Data shown -
Lemma eigenvector_ReIm n (M : 'M[R]_n) (z : 'rV[R[i]]_n) (lam : R[i]) :
  z *m map_mx (real_complex R) M = lam *: z ->
  let: a := map_mx (@complex.Re R) z in let: b := map_mx (@complex.Im R) z in
  a *m M = complex.Re lam *: a - complex.Im lam *: b /\
  b *m M = complex.Im lam *: a + complex.Re lam *: b.
Proof.
move=> zM; split; apply/rowP => k; rewrite !mxE.
- have := congr1 (fun y : 'rV_n => complex.Re (y 0 k)) zM.
  rewrite /= !mxE Re_sum => zMk.
  transitivity (complex.Re (lam * z 0 k)); last by case: (lam) (z 0 k) => ? ? [].
  rewrite -zMk; apply: eq_bigr => m _.
  by rewrite !mxE; case: (z 0 m) => ? ? /=; ring.
- have := congr1 (fun y : 'rV_n => complex.Im (y 0 k)) zM.
  rewrite /= !mxE Im_sum => zMk.
  transitivity (complex.Im (lam * z 0 k)).
    by rewrite -zMk; apply: eq_bigr => m _; rewrite !mxE; case: (z 0 m) => ? ? /=; ring.
  by case: (lam) (z 0 k) => ? ? [] /= ? ?; ring.
Qed.

Lemma ReIm_neq0 n (z : 'rV[R[i]]_n) : z != 0 ->
  exists k, (complex.Re (z 0 k) != 0) || (complex.Im (z 0 k) != 0).
Proof.
move=> z_neq0; case: (pickP (fun k => z 0 k != 0)) => [k zk | z0].
  exists k; move: zk; case: (z 0 k) => x y /=; apply: contraR.
  by rewrite negb_or !negbK => /andP[/eqP -> /eqP ->].
by case/eqP: z_neq0; apply/rowP => k; rewrite mxE; apply/eqP; rewrite -[_ == _]negbK z0.
Qed.

(* The hypothesis is [<a, T b> = <b, T a>] for the [w]-weighted inner product,
   where [T (a + i b) = (r + i s) (a + i b)]. *)
Lemma selfadjoint_rotation_eq0 n (w a b : 'I_n -> R) (r s : R) :
  (forall k, 0 < w k) -> (exists k, (a k != 0) || (b k != 0)) ->
  \sum_k w k * a k * (s * a k + r * b k) = \sum_k w k * b k * (r * a k - s * b k) ->
  s = 0.
Proof.
move=> w_gt0 [k ab_k] sym.
have : s * \sum_m w m * (a m ^+ 2 + b m ^+ 2) = 0.
  rewrite mulr_sumr -[RHS](subrr (\sum_m w m * b m * (r * a m - s * b m))).
  by rewrite -{1}sym -sumrB; apply: eq_bigr => m _; ring.
move/eqP; rewrite mulf_eq0 => /orP[/eqP // | /eqP norm0].
have sqr_gt0 m : (a m != 0) || (b m != 0) -> 0 < a m ^+ 2 + b m ^+ 2.
  move=> abm; rewrite lt_def paddr_eq0 ?sqr_ge0 // !sqrf_eq0 negb_and abm.
  by rewrite /= addr_ge0 ?sqr_ge0.
suff : 0 < \sum_m w m * (a m ^+ 2 + b m ^+ 2) by rewrite norm0 ltxx.
rewrite (bigD1 k) //= ltr_pwDl ?mulr_gt0 ?sqr_gt0 //.
by apply: sumr_ge0 => m _; rewrite mulr_ge0 ?(ltW (w_gt0 m)) ?addr_ge0 ?sqr_ge0.
Qed.

End real_matrices.

Definition Apow (R : realType) N (A : 'M[R]_N) (alpha : R) (w : 'rV[R]_N)
    (l : 'I_N) :=
  \sum_(j < N) A l j * apow alpha (w 0 j).

Lemma FfunE (R : realType) N (A : 'M[R]_N) alpha w l :
  Ffun A alpha w 0 l =
  - w 0 l + apow alpha (w 0 l) * Apow A alpha w l / Hfun A alpha w.
Proof. by rewrite !mxE. Qed.

Lemma HfunE (R : realType) N (A : 'M[R]_N) alpha w :
  Hfun A alpha w = \sum_(k < N) apow alpha (w 0 k) * Apow A alpha w k.
Proof.
apply: eq_bigr => k _; rewrite mulr_sumr.
by apply: eq_bigr => j _; rewrite mulrCA mulrA.
Qed.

Your goal -
The material above is to be reproduced exactly as written.

Solution for this problem -
Lemma eigenvector_ReIm n (M : 'M[R]_n) (z : 'rV[R[i]]_n) (lam : R[i]) :
  z *m map_mx (real_complex R) M = lam *: z ->
  let: a := map_mx (@complex.Re R) z in let: b := map_mx (@complex.Im R) z in
  a *m M = complex.Re lam *: a - complex.Im lam *: b /\
  b *m M = complex.Im lam *: a + complex.Re lam *: b.
Proof.
move=> zM; split; apply/rowP => k; rewrite !mxE.
- have := congr1 (fun y : 'rV_n => complex.Re (y 0 k)) zM.
  rewrite /= !mxE Re_sum => zMk.
  transitivity (complex.Re (lam * z 0 k)); last by case: (lam) (z 0 k) => ? ? [].
  rewrite -zMk; apply: eq_bigr => m _.
  by rewrite !mxE; case: (z 0 m) => ? ? /=; ring.
- have := congr1 (fun y : 'rV_n => complex.Im (y 0 k)) zM.
  rewrite /= !mxE Im_sum => zMk.
  transitivity (complex.Im (lam * z 0 k)).
    by rewrite -zMk; apply: eq_bigr => m _; rewrite !mxE; case: (z 0 m) => ? ? /=; ring.
  by case: (lam) (z 0 k) => ? ? [] /= ? ?; ring.
Qed.

Lemma ReIm_neq0 n (z : 'rV[R[i]]_n) : z != 0 ->
  exists k, (complex.Re (z 0 k) != 0) || (complex.Im (z 0 k) != 0).
Proof.
move=> z_neq0; case: (pickP (fun k => z 0 k != 0)) => [k zk | z0].
  exists k; move: zk; case: (z 0 k) => x y /=; apply: contraR.
  by rewrite negb_or !negbK => /andP[/eqP -> /eqP ->].
by case/eqP: z_neq0; apply/rowP => k; rewrite mxE; apply/eqP; rewrite -[_ == _]negbK z0.
Qed.

(* The hypothesis is [<a, T b> = <b, T a>] for the [w]-weighted inner product,
   where [T (a + i b) = (r + i s) (a + i b)]. *)
Lemma selfadjoint_rotation_eq0 n (w a b : 'I_n -> R) (r s : R) :
  (forall k, 0 < w k) -> (exists k, (a k != 0) || (b k != 0)) ->
  \sum_k w k * a k * (s * a k + r * b k) = \sum_k w k * b k * (r * a k - s * b k) ->
  s = 0.
Proof.
move=> w_gt0 [k ab_k] sym.
have : s * \sum_m w m * (a m ^+ 2 + b m ^+ 2) = 0.
  rewrite mulr_sumr -[RHS](subrr (\sum_m w m * b m * (r * a m - s * b m))).
  by rewrite -{1}sym -sumrB; apply: eq_bigr => m _; ring.
move/eqP; rewrite mulf_eq0 => /orP[/eqP // | /eqP norm0].
have sqr_gt0 m : (a m != 0) || (b m != 0) -> 0 < a m ^+ 2 + b m ^+ 2.
  move=> abm; rewrite lt_def paddr_eq0 ?sqr_ge0 // !sqrf_eq0 negb_and abm.
  by rewrite /= addr_ge0 ?sqr_ge0.
suff : 0 < \sum_m w m * (a m ^+ 2 + b m ^+ 2) by rewrite norm0 ltxx.
rewrite (bigD1 k) //= ltr_pwDl ?mulr_gt0 ?sqr_gt0 //.
by apply: sumr_ge0 => m _; rewrite mulr_ge0 ?(ltW (w_gt0 m)) ?addr_ge0 ?sqr_ge0.
Qed.

End real_matrices.

Definition Apow (R : realType) N (A : 'M[R]_N) (alpha : R) (w : 'rV[R]_N)
    (l : 'I_N) :=
  \sum_(j < N) A l j * apow alpha (w 0 j).

Lemma FfunE (R : realType) N (A : 'M[R]_N) alpha w l :
  Ffun A alpha w 0 l =
  - w 0 l + apow alpha (w 0 l) * Apow A alpha w l / Hfun A alpha w.
Proof. by rewrite !mxE. Qed.

Lemma HfunE (R : realType) N (A : 'M[R]_N) alpha w :
  Hfun A alpha w = \sum_(k < N) apow alpha (w 0 k) * Apow A alpha w k.
Proof.
apply: eq_bigr => k _; rewrite mulr_sumr.
by apply: eq_bigr => j _; rewrite mulrCA mulrA.
Qed.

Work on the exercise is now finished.